All that is asked is a faithful reproduction of the entries.

Stored items
>>>
(* Let $r\ge 1$ be an integer. For integers $n,k\ge 0$ let $C(n,k,r)$ be the number of compositions of $n$ into $k$ positive parts that have no run of length $\ge r$ (with $C(0,0,r)=1$ counting the empty composition). Then, as formal power series in $x,q$, \[\sum_{n,k\ge 0}C(n,k,r)\,x^nq^k=\frac{1}{1-\frac{xq}{1-x}+q^r\sum_{j\ge 1}\frac{x^{rj}(1-qx^j)}{1-q^rx^{rj}}}.\]
   Context: A composition of $n$ into $k$ parts is an ordered sequence $(a_1,\dots,a_k)$ of positive integers with $a_1+\dots+a_k=n$. A run in a composition is a maximal string of consecutive identical parts; its length is the number of parts in it. For example, $28=3+5+5+5+3+3+4$ has run lengths $1,3,2,1$. *)

From mathcomp Require Import all_boot all_order all_algebra.
Set Implicit Arguments. Unset Strict Implicit. Unset Printing Implicit Defensive.
Import Order.TTheory GRing.Theory Num.Theory.

Fixpoint rl_aux (a c : nat) (s : seq nat) : seq nat :=
  match s with
  | [::] => [:: c]
  | b :: s' => if b == a then rl_aux a c.+1 s' else c :: rl_aux b 1 s'
  end.

Definition runlens (s : seq nat) : seq nat :=
  if s is a :: s' then rl_aux a 1 s' else [::].

Definition is_composition (n k : nat) (s : seq nat) : bool :=
  [&& size s == k, all (fun a => 0 < a) s & sumn s == n].

Definition no_long_run (r : nat) (s : seq nat) : bool :=
  all (fun l => l < r) (runlens s).

(* C(n,k,r): every part of a composition of n is <= n, so compositions of n
   into k parts are exactly the sequences [seq val i | i <- t] for
   t : k.-tuple 'I_n.+1 satisfying is_composition (injective encoding). *)
Definition Ccount (n k r : nat) : nat :=
  #|[set t : k.-tuple 'I_n.+1 |
      is_composition n k (map val t) && no_long_run r (map val t)]|.

Local Open Scope ring_scope.

(* f n k = coefficient of x^n q^k *)
Definition fps := nat -> nat -> int.

Definition fps_const (c : int) : fps := fun n k => if (n == 0)%N && (k == 0)%N then c else 0.
Definition fps_x : fps := fun n k => if (n == 1)%N && (k == 0)%N then 1 else 0.
Definition fps_q : fps := fun n k => if (n == 0)%N && (k == 1)%N then 1 else 0.
Definition fps_add (f g : fps) : fps := fun n k => f n k + g n k.
Definition fps_sub (f g : fps) : fps := fun n k => f n k - g n k.
Definition fps_mul (f g : fps) : fps := fun n k =>
  \sum_(i < n.+1) \sum_(j < k.+1) f i j * g (n - i)%N (k - j)%N.
Fixpoint fps_pow (f : fps) (m : nat) : fps :=
  if m is m'.+1 then fps_mul f (fps_pow f m') else fps_const 1.

(* 1/(1-b) = sum_{i>=0} b^i, for b with zero constant term: then b^i has no
   monomial of total degree < i, so the coefficient of x^n q^k only receives
   contributions from i <= n+k and the truncated sum is the exact one. *)
Definition fps_geom (b : fps) : fps := fun n k =>
  \sum_(i < (n + k).+1) fps_pow b i n k.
<<<
Problem solution =
(* Let $r\ge 1$ be an integer. For integers $n,k\ge 0$ let $C(n,k,r)$ be the number of compositions of $n$ into $k$ positive parts that have no run of length $\ge r$ (with $C(0,0,r)=1$ counting the empty composition). Then, as formal power series in $x,q$, \[\sum_{n,k\ge 0}C(n,k,r)\,x^nq^k=\frac{1}{1-\frac{xq}{1-x}+q^r\sum_{j\ge 1}\frac{x^{rj}(1-qx^j)}{1-q^rx^{rj}}}.\]
   Context: A composition of $n$ into $k$ parts is an ordered sequence $(a_1,\dots,a_k)$ of positive integers with $a_1+\dots+a_k=n$. A run in a composition is a maximal string of consecutive identical parts; its length is the number of parts in it. For example, $28=3+5+5+5+3+3+4$ has run lengths $1,3,2,1$. *)

From mathcomp Require Import all_boot all_order all_algebra.
Set Implicit Arguments. Unset Strict Implicit. Unset Printing Implicit Defensive.
Import Order.TTheory GRing.Theory Num.Theory.

Fixpoint rl_aux (a c : nat) (s : seq nat) : seq nat :=
  match s with
  | [::] => [:: c]
  | b :: s' => if b == a then rl_aux a c.+1 s' else c :: rl_aux b 1 s'
  end.

Definition runlens (s : seq nat) : seq nat :=
  if s is a :: s' then rl_aux a 1 s' else [::].

Definition is_composition (n k : nat) (s : seq nat) : bool :=
  [&& size s == k, all (fun a => 0 < a) s & sumn s == n].

Definition no_long_run (r : nat) (s : seq nat) : bool :=
  all (fun l => l < r) (runlens s).

(* C(n,k,r): every part of a composition of n is <= n, so compositions of n
   into k parts are exactly the sequences [seq val i | i <- t] for
   t : k.-tuple 'I_n.+1 satisfying is_composition (injective encoding). *)
Definition Ccount (n k r : nat) : nat :=
  #|[set t : k.-tuple 'I_n.+1 |
      is_composition n k (map val t) && no_long_run r (map val t)]|.

Local Open Scope ring_scope.

(* f n k = coefficient of x^n q^k *)
Definition fps := nat -> nat -> int.

Definition fps_const (c : int) : fps := fun n k => if (n == 0)%N && (k == 0)%N then c else 0.
Definition fps_x : fps := fun n k => if (n == 1)%N && (k == 0)%N then 1 else 0.
Definition fps_q : fps := fun n k => if (n == 0)%N && (k == 1)%N then 1 else 0.
Definition fps_add (f g : fps) : fps := fun n k => f n k + g n k.
Definition fps_sub (f g : fps) : fps := fun n k => f n k - g n k.
Definition fps_mul (f g : fps) : fps := fun n k =>
  \sum_(i < n.+1) \sum_(j < k.+1) f i j * g (n - i)%N (k - j)%N.
Fixpoint fps_pow (f : fps) (m : nat) : fps :=
  if m is m'.+1 then fps_mul f (fps_pow f m') else fps_const 1.

(* 1/(1-b) = sum_{i>=0} b^i, for b with zero constant term: then b^i has no
   monomial of total degree < i, so the coefficient of x^n q^k only receives
   contributions from i <= n+k and the truncated sum is the exact one. *)
Definition fps_geom (b : fps) : fps := fun n k =>
  \sum_(i < (n + k).+1) fps_pow b i n k.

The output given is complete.